Unnamed: 0,Country,Continent
0,China,Asia
1,Bangladesh,Asia
2,Brazil,South America
3,India,Asia
4,Norway,Europe
5,United States,North America


In [13]:
# Select the element in row 0 and column 1 
country.iloc[0,1]

'Asia'

In [14]:
# Select rows 0 and 1 and column 1
country.iloc[0:2, 1]

0    Asia
1    Asia
Name: Continent, dtype: object

In [15]:
# Select all row before row 7 and columns 1 thru 2
country.iloc[:7,1:3]

Unnamed: 0,Continent,SurfaceArea
0,Asia,9572900
1,Asia,143998
2,South America,8547403
3,Asia,3287263
4,Europe,385207
5,North America,9363520


In [16]:
# select row 10 thru 20 and all from from column 1 onwards\
country.iloc[10:21, 1:]

Unnamed: 0,Continent,SurfaceArea,Population,Density,IndependenceDate,OfficialLanguage,Percentage


In [21]:
# select rows 1 thru 6 and the continent and Population columns
country.loc[1:5, ['Continent', 'Population']]

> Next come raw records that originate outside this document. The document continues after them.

(* Let $r_A,r_B>0$ satisfy $r_A+r_B\le CK_z\rho|\Lambda|$. Then, for $\rho\bar a^3$ small enough, the functional $$F(r_A,r_B)=\frac{8\pi\bar a}{|\Lambda|}(\rho\bar a^3)^{1/4}(r_A^2+r_B^2)+|\Lambda|^{-3/2}G(r_A,r_B)^{5/4}I(r_A,r_B)-\mu_Ar_A-\mu_Br_B$$ is convex in $(r_A,r_B)$.
   Context: $a_A,a_B,a_{AB}>0$ with $a_{AB}^2\le a_Aa_B$, $\bar a=\max\{a_A,a_B,a_{AB}\}$; $\rho>0$, $|\Lambda|>0$ a volume, $\mu_A,\mu_B\in\mathbb R$, $C>0$ a constant, $K_z=(\rho\bar a^3)^{-\nu}$ with $\nu\in(0,\frac1{10000}]$. $G(r_A,r_B)=r_A^2a_A^2+2r_Ar_Ba_{AB}^2+r_B^2a_B^2$; $I(r_A,r_B)=(8\pi)^{5/2}\frac{2\sqrt2}{15\pi^2}(\mu_+^{5/2}+\mu_-^{5/2})$ with $\mu_\pm=\sqrt{1+\xi_{AB}}\pm\sqrt{1-\xi_{AB}}$ and $\xi_{AB}=\frac{2r_Ar_B(a_Aa_B-a_{AB}^2)}{r_A^2a_A^2+2r_Ar_Ba_{AB}^2+r_B^2a_B^2}$. *)

From Stdlib Require Import Reals Lra.
Open Scope R_scope.

(* x^(5/2) for x >= 0, written exactly as x^2 * sqrt x (valid also at x = 0). *)
Definition pow52 (x : R) : R := x ^ 2 * sqrt x.

Definition abar (aA aB aAB : R) : R := Rmax aA (Rmax aB aAB).

Definition Gfun (aA aB aAB rA rB : R) : R :=
  rA ^ 2 * aA ^ 2 + 2 * rA * rB * aAB ^ 2 + rB ^ 2 * aB ^ 2.

Definition xiAB (aA aB aAB rA rB : R) : R :=
  2 * rA * rB * (aA * aB - aAB ^ 2) / Gfun aA aB aAB rA rB.

Definition mu_plus (aA aB aAB rA rB : R) : R :=
  sqrt (1 + xiAB aA aB aAB rA rB) + sqrt (1 - xiAB aA aB aAB rA rB).

Definition mu_minus (aA aB aAB rA rB : R) : R :=
  sqrt (1 + xiAB aA aB aAB rA rB) - sqrt (1 - xiAB aA aB aAB rA rB).

Definition Ifun (aA aB aAB rA rB : R) : R :=
  pow52 (8 * PI) * (2 * sqrt 2 / (15 * PI ^ 2)) *
  (pow52 (mu_plus aA aB aAB rA rB) + pow52 (mu_minus aA aB aAB rA rB)).

Definition Kz (aA aB aAB rho nu : R) : R :=
  Rpower (rho * abar aA aB aAB ^ 3) (- nu).

Definition Ffun (aA aB aAB rho Lam muA muB rA rB : R) : R :=
  let ab := abar aA aB aAB in
  8 * PI * ab / Lam * Rpower (rho * ab ^ 3) (1 / 4) * (rA ^ 2 + rB ^ 2)
  + Rpower Lam (- (3 / 2)) * Rpower (Gfun aA aB aAB rA rB) (5 / 4)
      * Ifun aA aB aAB rA rB
  - muA * rA - muB * rB.

Definition domF (aA aB aAB rho Lam C nu rA rB : R) : Prop :=
  0 < rA /\ 0 < rB /\ rA + rB <= C * Kz aA aB aAB rho nu * rho * Lam.

Definition convex_on2 (D : R -> R -> Prop) (f : R -> R -> R) : Prop :=
  forall x1 y1 x2 y2 t, D x1 y1 -> D x2 y2 -> 0 <= t <= 1 ->
    f (t * x1 + (1 - t) * x2) (t * y1 + (1 - t) * y2)
    <= t * f x1 y1 + (1 - t) * f x2 y2.

From Stdlib Require Import Reals Lra Psatz.
Open Scope R_scope.

(* Write D = r_A r_B (a_A a_B - a_AB^2).  Since G (1 + xi) = (r_A a_A + r_B a_B)^2
   and G (1 - xi) = (r_A a_A + r_B a_B)^2 - 4 D, the numbers sqrt G mu_(+/-) are
   exactly twice the eigenvalues of the 2x2 matrix r_A u u^T + r_B v v^T, where
   u, v are vectors with Gram matrix [[a_A, a_AB], [a_AB, a_B]].  This matrix is
   positive semidefinite and depends linearly on (r_A, r_B), so
   G^(5/4) I = const * tr (r_A u u^T + r_B v v^T)^(5/2) is convex: a trace function
   tr f(M) with f convex is convex on positive semidefinite matrices (Peierls:
   in the eigenbasis of a convex combination, apply Jensen to the diagonal entries
   of each summand, which are majorized by its eigenvalues).  The remaining terms of
   F are a nonnegative multiple of r_A^2 + r_B^2 and a linear function, so F is
   convex for every value of rho. *)

Definition convex_on_nonneg (f : R -> R) : Prop :=
  forall x y t, 0 <= x -> 0 <= y -> 0 <= t <= 1 ->
    f (t * x + (1 - t) * y) <= t * f x + (1 - t) * f y.

Lemma convex_on_nonneg_of_tangents (f k : R -> R) :
  (forall m y, 0 <= m -> 0 <= y -> f m + k m * (y - m) <= f y) ->
  convex_on_nonneg f.
Proof.
  intros Htan x y t Hx Hy Ht.
  set (m := t * x + (1 - t) * y).
  assert (Hm : 0 <= m) by (unfold m; nra).
  pose proof (Htan m x Hm Hx) as Tx.
  pose proof (Htan m y Hm Hy) as Ty.
  assert (Cx : t * (f m + k m * (x - m)) <= t * f x)
    by (apply Rmult_le_compat_l; lra).
  assert (Cy : (1 - t) * (f m + k m * (y - m)) <= (1 - t) * f y)
    by (apply Rmult_le_compat_l; lra).
  assert (E : t * (f m + k m * (x - m)) + (1 - t) * (f m + k m * (y - m)) = f m)
    by (unfold m; ring).
  lra.
Qed.

Lemma convex_sum_le_extremes (f : R -> R) lo z hi :
  convex_on_nonneg f -> 0 <= lo -> lo <= z <= hi ->
  f z + f (hi + lo - z) <= f hi + f lo.
Proof.
  intros Hf Hlo Hz.
  destruct (Req_dec hi lo) as [E | E].
  - replace z with lo by lra. subst hi.
    replace (lo + lo - lo) with lo by ring. lra.
  - set (s := (z - lo) / (hi - lo)).
    assert (Hs : s * (hi - lo) = z - lo) by (unfold s; field; lra).
    assert (Hs01 : 0 <= s <= 1) by (split; nra).
    replace z with (s * hi + (1 - s) * lo) by nra.
    replace (hi + lo - (s * hi + (1 - s) * lo)) with (s * lo + (1 - s) * hi) by ring.
    pose proof (Hf hi lo s ltac:(lra) Hlo Hs01).
    pose proof (Hf lo hi s Hlo ltac:(lra) Hs01).
    lra.
Qed.

Lemma fifth_power_tangent a b : 0 <= a -> 0 <= b ->
  a ^ 5 + 5 / 2 * a ^ 3 * (b ^ 2 - a ^ 2) <= b ^ 5.
Proof.
  intros Ha Hb.
  assert (Hpos : 0 <= (b - a) ^ 2 * (2 * b ^ 3 + 4 * a * b ^ 2 + 6 * a ^ 2 * b + 3 * a ^ 3)).
  { apply Rmult_le_pos; [apply pow2_ge_0 |].
    assert (0 <= a * b) by nra. nra. }
  nra.
Qed.

Lemma pow52_sqrt x : 0 <= x -> pow52 x = sqrt x ^ 5.
Proof.
  intros Hx. unfold pow52. rewrite <- (pow2_sqrt x Hx) at 1. ring.
Qed.

Lemma pow52_convex : convex_on_nonneg pow52.
Proof.
  apply (convex_on_nonneg_of_tangents pow52 (fun m => 5 / 2 * sqrt m ^ 3)).
  intros m y Hm Hy.
  pose proof (fifth_power_tangent (sqrt m) (sqrt y) (sqrt_pos m) (sqrt_pos y)) as T.
  rewrite !pow2_sqrt in T by assumption.
  rewrite !pow52_sqrt by assumption. exact T.
Qed.

Lemma pow52_mult k m : 0 <= k -> pow52 (k * m) = pow52 k * pow52 m.
Proof. intros Hk. unfold pow52. rewrite sqrt_mult_alt by exact Hk. ring. Qed.

Lemma Rpower_five_fourths x : 0 < x -> Rpower x (5 / 4) = pow52 (sqrt x).
Proof.
  intros Hx. unfold pow52.
  replace (5 / 4) with (1 + / 2 * / 2) by field.
  rewrite Rpower_plus, Rpower_1, <- Rpower_mult, (Rpower_sqrt x Hx), Rpower_sqrt
    by (try apply sqrt_lt_R0; assumption).
  rewrite pow2_sqrt by lra. reflexivity.
Qed.

Record sym2 : Type := Sym2 { s11 : R; s12 : R; s22 : R }.

Definition qform (M : sym2) (c s : R) : R :=
  s11 M * c ^ 2 + 2 * s12 M * c * s + s22 M * s ^ 2.

Definition psd2 (M : sym2) : Prop := forall c s, 0 <= qform M c s.

Definition sym2_lerp (t : R) (M N : sym2) : sym2 :=
  Sym2 (t * s11 M + (1 - t) * s11 N) (t * s12 M + (1 - t) * s12 N)
       (t * s22 M + (1 - t) * s22 N).

Definition eig_radius (M : sym2) : R :=
  sqrt (((s11 M - s22 M) / 2) ^ 2 + s12 M ^ 2).

Definition eig_hi (M : sym2) : R := (s11 M + s22 M) / 2 + eig_radius M.

Definition eig_lo (M : sym2) : R := (s11 M + s22 M) / 2 - eig_radius M.

Definition trace_fun (f : R -> R) (M : sym2) : R := f (eig_hi M) + f (eig_lo M).

Lemma eig_radius_sq M : eig_radius M ^ 2 = ((s11 M - s22 M) / 2) ^ 2 + s12 M ^ 2.
Proof.
  apply pow2_sqrt. pose proof (pow2_ge_0 ((s11 M - s22 M) / 2)).
  pose proof (pow2_ge_0 (s12 M)). lra.
Qed.

Lemma eig_lo_le_hi M : eig_lo M <= eig_hi M.
Proof.
  unfold eig_lo, eig_hi.
  pose proof (sqrt_pos (((s11 M - s22 M) / 2) ^ 2 + s12 M ^ 2)).
  fold (eig_radius M) in *. lra.
Qed.

Lemma eig_hi_add_lo M : eig_hi M + eig_lo M = s11 M + s22 M.
Proof. unfold eig_hi, eig_lo. field. Qed.

Lemma eig_hi_mul_lo M : eig_hi M * eig_lo M = s11 M * s22 M - s12 M ^ 2.
Proof.
  unfold eig_hi, eig_lo.
  replace (((s11 M + s22 M) / 2 + eig_radius M) * ((s11 M + s22 M) / 2 - eig_radius M))
    with (((s11 M + s22 M) / 2) ^ 2 - eig_radius M ^ 2) by ring.
  rewrite eig_radius_sq. field.
Qed.

Lemma qform_lerp t M N c s :
  qform (sym2_lerp t M N) c s = t * qform M c s + (1 - t) * qform N c s.
Proof. unfold qform, sym2_lerp; cbn [s11 s12 s22]; ring. Qed.

Lemma qform_scale M k c s : qform M (k * c) (k * s) = k ^ 2 * qform M c s.
Proof. unfold qform; ring. Qed.

Lemma qform_add_rot M c s : c ^ 2 + s ^ 2 = 1 ->
  qform M c s + qform M (- s) c = eig_hi M + eig_lo M.
Proof.
  intros Hcs. rewrite eig_hi_add_lo, <- (Rmult_1_r (s11 M + s22 M)), <- Hcs.
  unfold qform; ring.
Qed.

(* The determinant of M in the orthonormal basis (c, s), (-s, c); the squared term is
   the off-diagonal entry in that basis. *)
Lemma qform_mul_rot M c s : c ^ 2 + s ^ 2 = 1 ->
  qform M c s * qform M (- s) c - ((s22 M - s11 M) * c * s + s12 M * (c ^ 2 - s ^ 2)) ^ 2
  = eig_hi M * eig_lo M.
Proof.
  intros Hcs. rewrite eig_hi_mul_lo.
  rewrite <- (Rmult_1_r (s11 M * s22 M - s12 M ^ 2)), <- (pow1 2), <- Hcs.
  unfold qform; ring.
Qed.

Lemma qform_between M c s : c ^ 2 + s ^ 2 = 1 ->
  eig_lo M <= qform M c s <= eig_hi M.
Proof.
  intros Hcs.
  pose proof (qform_add_rot M c s Hcs) as Hsum.
  pose proof (qform_mul_rot M c s Hcs) as Hdet.
  pose proof (eig_lo_le_hi M).
  pose proof (pow2_ge_0 ((s22 M - s11 M) * c * s + s12 M * (c ^ 2 - s ^ 2))).
  assert (Hprod : (qform M c s - eig_hi M) * (qform M c s - eig_lo M) <= 0) by nra.
  split; nra.
Qed.

Lemma eig_hi_root M :
  eig_hi M ^ 2 - (s11 M + s22 M) * eig_hi M + (s11 M * s22 M - s12 M ^ 2) = 0.
Proof. rewrite <- eig_hi_add_lo, <- eig_hi_mul_lo. ring. Qed.

Lemma qform_eigvec M :
  qform M (s12 M) (eig_hi M - s11 M)
  = eig_hi M * (s12 M ^ 2 + (eig_hi M - s11 M) ^ 2).
Proof.
  apply Rminus_diag_uniq.
  transitivity (- (eig_hi M - s11 M)
                * (eig_hi M ^ 2 - (s11 M + s22 M) * eig_hi M + (s11 M * s22 M - s12 M ^ 2))).
  - unfold qform; ring.
  - rewrite eig_hi_root. ring.
Qed.

Lemma eig_hi_attained M : exists c s, c ^ 2 + s ^ 2 = 1 /\ qform M c s = eig_hi M.
Proof.
  pose proof (qform_eigvec M) as Hv.
  destruct (Req_dec (s12 M ^ 2 + (eig_hi M - s11 M) ^ 2) 0) as [Hz | Hnz].
  - exists 1, 0. split; [ring |].
    pose proof (pow2_ge_0 (s12 M)). pose proof (pow2_ge_0 (eig_hi M - s11 M)).
    unfold qform. nra.
  - assert (Hpos : 0 < s12 M ^ 2 + (eig_hi M - s11 M) ^ 2).
    { pose proof (pow2_ge_0 (s12 M)). pose proof (pow2_ge_0 (eig_hi M - s11 M)). lra. }
    pose proof (pow2_sqrt _ (Rlt_le _ _ Hpos)) as Hn.
    pose proof (sqrt_lt_R0 _ Hpos) as Hn0.
    set (n := sqrt (s12 M ^ 2 + (eig_hi M - s11 M) ^ 2)) in *. clearbody n.
    exists (/ n * s12 M), (/ n * (eig_hi M - s11 M)).
    rewrite qform_scale, Hv. split.
    + transitivity ((s12 M ^ 2 + (eig_hi M - s11 M) ^ 2) / n ^ 2); [field; lra |].
      rewrite <- Hn. field. lra.
    + rewrite <- Hn. field. lra.
Qed.

Lemma qform_rot_eig_lo M c s : c ^ 2 + s ^ 2 = 1 ->
  qform M c s = eig_hi M -> qform M (- s) c = eig_lo M.
Proof. intros Hcs Hhi. pose proof (qform_add_rot M c s Hcs). lra. Qed.

Lemma eig_lo_ge0 M : psd2 M -> 0 <= eig_lo M.
Proof.
  intros HM. destruct (eig_hi_attained M) as (c & s & Hcs & Hhi).
  rewrite <- (qform_rot_eig_lo M c s Hcs Hhi). apply HM.
Qed.

(* Peierls' inequality: the diagonal of M in any orthonormal basis is majorized by
   its eigenvalues. *)
Lemma trace_fun_ge_qform f M c s :
  convex_on_nonneg f -> psd2 M -> c ^ 2 + s ^ 2 = 1 ->
  f (qform M c s) + f (qform M (- s) c) <= trace_fun f M.
Proof.
  intros Hf HM Hcs.
  replace (qform M (- s) c) with (eig_hi M + eig_lo M - qform M c s)
    by (rewrite <- (qform_add_rot M c s Hcs); ring).
  apply convex_sum_le_extremes; [exact Hf | apply eig_lo_ge0, HM |].
  apply qform_between, Hcs.
Qed.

Unnamed: 0,Continent,Population
1,Asia,129155000
2,South America,170115000
3,Asia,1013662000
4,Europe,5379000
5,North America,278357000


In [22]:
# Select rows where the continent is Asia
country[country['Continent']== 'Asia']

Unnamed: 0,Country,Continent,SurfaceArea,Population,Density,IndependenceDate,OfficialLanguage,Percentage
0,China,Asia,9572900,1277558000,133,1949-10-01,Mandarin,0.81
1,Bangladesh,Asia,143998,129155000,897,1905-05-24,Bengali,0.98
3,India,Asia,3287263,1013662000,308,1905-04-30,Hindi,0.4


In [24]:
#Select rows where the continent is not Asia
country[country['Continent'] != 'Asia']

Unnamed: 0,Country,Continent,SurfaceArea,Population,Density,IndependenceDate,OfficialLanguage,Percentage
2,Brazil,South America,8547403,170115000,20,1822-09-07,Portuguese,0.98
4,Norway,Europe,385207,5379000,14,1905-05-17,Norwegian,0.97
5,United States,North America,9363520,278357000,30,1776-07-04,English,0.86


In [28]:
# Select rows where the Continent is Asia and Europe
country[(country['Continent'] == "Asia") | (country['Continent'] == 'Europe')] 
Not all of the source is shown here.